Instructions to follow: Here is a block of records. Copy every line in it that includes "From".

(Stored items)
"""

(* Let $\alpha,\beta_1,\beta_2,\gamma_1,\gamma_2\in\widehat{\mathbb{F}_q^\times}$. (i) Suppose $\varepsilon\notin\{\alpha,\beta_2,\beta_1\overline{\gamma_1},\beta_2\overline{\gamma_2}\}$. Then for every $\lambda\in\mathbb{F}_q$, $$F_2\!\left({\alpha;\beta_1,\beta_2\atop\gamma_1,\gamma_2};\lambda,1\right)=\frac{(\overline{\beta_2}\gamma_2)_{\overline{\alpha}}}{(\gamma_2)^\circ_{\overline{\alpha}}}\,{}_3F_2\!\left({\alpha,\beta_1,\alpha\overline{\gamma_2}\atop\gamma_1,\alpha\beta_2\overline{\gamma_2}};\lambda\right).$$ (ii) Suppose $\varepsilon\notin\{\alpha,\beta_1,\beta_2,\beta_1\overline{\gamma_1},\beta_2\overline{\gamma_2}\}$. Then for every $\lambda\in\mathbb{F}_q\setminus\{1\}$, $$F_2\!\left({\alpha;\beta_1,\beta_2\atop\gamma_1,\gamma_2};\lambda,1-\lambda\right)=\frac{(\overline{\beta_2}\gamma_2)_{\overline{\alpha}}}{(\gamma_2)^\circ_{\overline{\alpha}}}\,\overline{\alpha}(1-\lambda)\,{}_3F_2\!\left({\alpha,\overline{\beta_1}\gamma_1,\alpha\overline{\gamma_2}\atop\gamma_1,\alpha\beta_2\overline{\gamma_2}};\frac{\lambda}{\lambda-1}\right).$$
   Context: $\mathbb{F}_q$ is a finite field with $q$ elements. $\widehat{\mathbb{F}_q^\times}$ is the group of multiplicative characters $\mathbb{F}_q^\times\to\overline{\mathbb{Q}}^\times$, $\varepsilon$ the trivial character; every character (including $\varepsilon$) is extended by $0$ at $0$; $\overline{\eta}=\eta^{-1}$; $\delta(\eta)=1$ if $\eta=\varepsilon$, else $0$. $\psi$ is a fixed non-trivial additive character. $g(\eta)=-\sum_{x\in\mathbb{F}_q^\times}\psi(x)\eta(x)$, $g^\circ(\eta)=q^{\delta(\eta)}g(\eta)$, $(\alpha)_\nu=g(\alpha\nu)/g(\alpha)$, $(\alpha)^\circ_\nu=g^\circ(\alpha\nu)/g^\circ(\alpha)$. For $\lambda\in\mathbb{F}_q$, ${}_3F_2\!\left({\alpha_1,\alpha_2,\alpha_3\atop\beta_1,\beta_2};\lambda\right)=\frac{1}{1-q}\sum_{\nu}\frac{(\alpha_1)_\nu(\alpha_2)_\nu(\alpha_3)_\nu}{(\varepsilon)^\circ_\nu(\beta_1)^\circ_\nu(\beta_2)^\circ_\nu}\nu(\lambda)$; for $x,y\in\mathbb{F}_q$, $F_2\!\left({\alpha;\beta_1,\beta_2\atop\gamma_1,\gamma_2};x,y\right)=\frac{1}{(1-q)^2}\sum_{\nu_1,\nu_2}\frac{(\alpha)_{\nu_1\nu_2}(\beta_1)_{\nu_1}(\beta_2)_{\nu_2}}{(\gamma_1)^\circ_{\nu_1}(\gamma_2)^\circ_{\nu_2}(\varepsilon)^\circ_{\nu_1}(\varepsilon)^\circ_{\nu_2}}\nu_1(x)\nu_2(y)$, sums over characters. *)

From HB Require Import structures.
From mathcomp Require Import all_boot all_order all_fingroup all_algebra all_field.
Set Implicit Arguments. Unset Strict Implicit. Unset Printing Implicit Defensive.
Import GRing.Theory Num.Theory.
Local Open Scope ring_scope.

"""

Result of this task:
From HB Require Import structures.
From mathcomp Require Import all_boot all_order all_fingroup all_algebra all_field.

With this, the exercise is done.